Duskmourn is essentially two dudes doing everything yet somehow you cannot spot that in the final mix. Like spawns of Tuomas Saukkonen [Wolfheart], Walter Deyo (guitars, bass, vocals) and Bill Sharpe (guitars, drums, keyboards) managed to sonically clone themselves through the magic of recording, and call it a day with a mystical smile on their faces (as per my anonymous source who wished to remain anonymous). From growls to guitars, bass, keys, drums and whatever else is thrown in there to create a symbiotic melodic death opus with folkish influences, Duskmourn feel like a solid band with a bright future.
The title track is all kind of awesome in its Amorphis-ness. "The Sleeping Tide" mix of harshness and catchy melodies can only evoke greats like At The Gates and October Tide while "Deathless" and "Blood Of The Forest" have a folkish progression that makes me think of the best tracks ever released by Amon Amarth, something about the power of Odin, unstoppable marches and cunning crows, or even Moonsorrow, which would mean something about the force of nature, the power of frost and the unwavering grasp of death on all human life. You get the gist. And while "Mountain Heart" has that Wolfheart vibe, tracks such as "Among The Ruins" and "In The Chamber Of Incantation" are definitely more reminiscent of recent Amorphis.
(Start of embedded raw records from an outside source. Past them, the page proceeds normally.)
Lemma pow_unit_interval x n : 0 <= x <= 1 -> 0 <= x ^ n <= 1.
Proof. intros Hx. split; [apply pow_le; lra|]. rewrite <- (pow1 n). apply pow_incr. lra. Qed.

Lemma div_unit_interval s a : 0 < a -> 0 <= s <= a -> 0 <= s / a <= 1.
Proof.
  intros Ha Hs. split; [apply Rdiv_le_0_compat; lra | apply (Rdiv_le_1 s a Ha); lra].
Qed.

Lemma f_weight_le_1 a k s : 0 < a -> 0 <= s <= a -> f_weight a k s <= 1.
Proof.
  intros Ha Hs. pose proof (pow_unit_interval _ (2 * k) (div_unit_interval s a Ha Hs)).
  apply pow_unit_interval. lra.
Qed.

Lemma f_weight_antitone a k s t :
  0 < a -> 0 <= s -> s <= t -> t <= a -> f_weight a k t <= f_weight a k s.
Proof.
  intros Ha Hs Hst Ht.
  assert (Hta : 0 <= t <= a) by lra.
  pose proof (pow_unit_interval _ (2 * k) (div_unit_interval t a Ha Hta)).
  apply pow_incr. split; [lra|].
  apply Rplus_le_compat_l, Ropp_le_contravar, pow_incr. split.
  - apply Rdiv_le_0_compat; lra.
  - unfold Rdiv. apply Rmult_le_compat_r; [left; apply Rinv_0_lt_compat|]; lra.
Qed.

Lemma sqrt_ge_id s : 0 <= s <= 1 -> s <= sqrt s.
Proof.
  intros Hs. assert (sqrt s <= 1) by (rewrite <- sqrt_1; apply sqrt_le_1; lra).
  pose proof (sqrt_pos s). rewrite <- (sqrt_sqrt s) at 1 by lra. nra.
Qed.

Lemma f_ak_nonneg a k s : 0 < a -> 0 <= s <= a -> 0 <= f_ak a k s.
Proof.
  intros Ha Hs. rewrite f_ak_mix.
  pose proof (f_weight_le_1 a k s Ha Hs). pose proof (f_weight_nonneg a k s).
  pose proof (sqrt_pos s). nra.
Qed.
The killer closing track "The Harbinger" throws in some more folk with an intro that brings to mind Skyclad and then it quickly morph into the greatness that only a band like Be'lakor could achieve (until now).
Not unlike Agalloch, discovering Duskmourn through this later album forced me to explore their earlier releases, and, not unlike Agalloch, there is gold and platinum to be discovered respectively with 2017's Of Shadow And Flame and 2014's Legends. So if you have never heard of them before, please park a few hours aside and do their whole discography justice. You won't regret it.
Maybe falling short of being a true masterpiece, perhaps 4 out of 5 rusted crowns, but still an intense, unrelentingly and near perfect melodic death record by the standards of our time. It is firing on all cylinders and hitting all the required spots. The short running time of 47 minutes of Fallen Kings And Rusted Crowns is hardly a factor since the quality is very high throughout. Inspired by the best bands in the genre for the last 10 years, this is THAT album.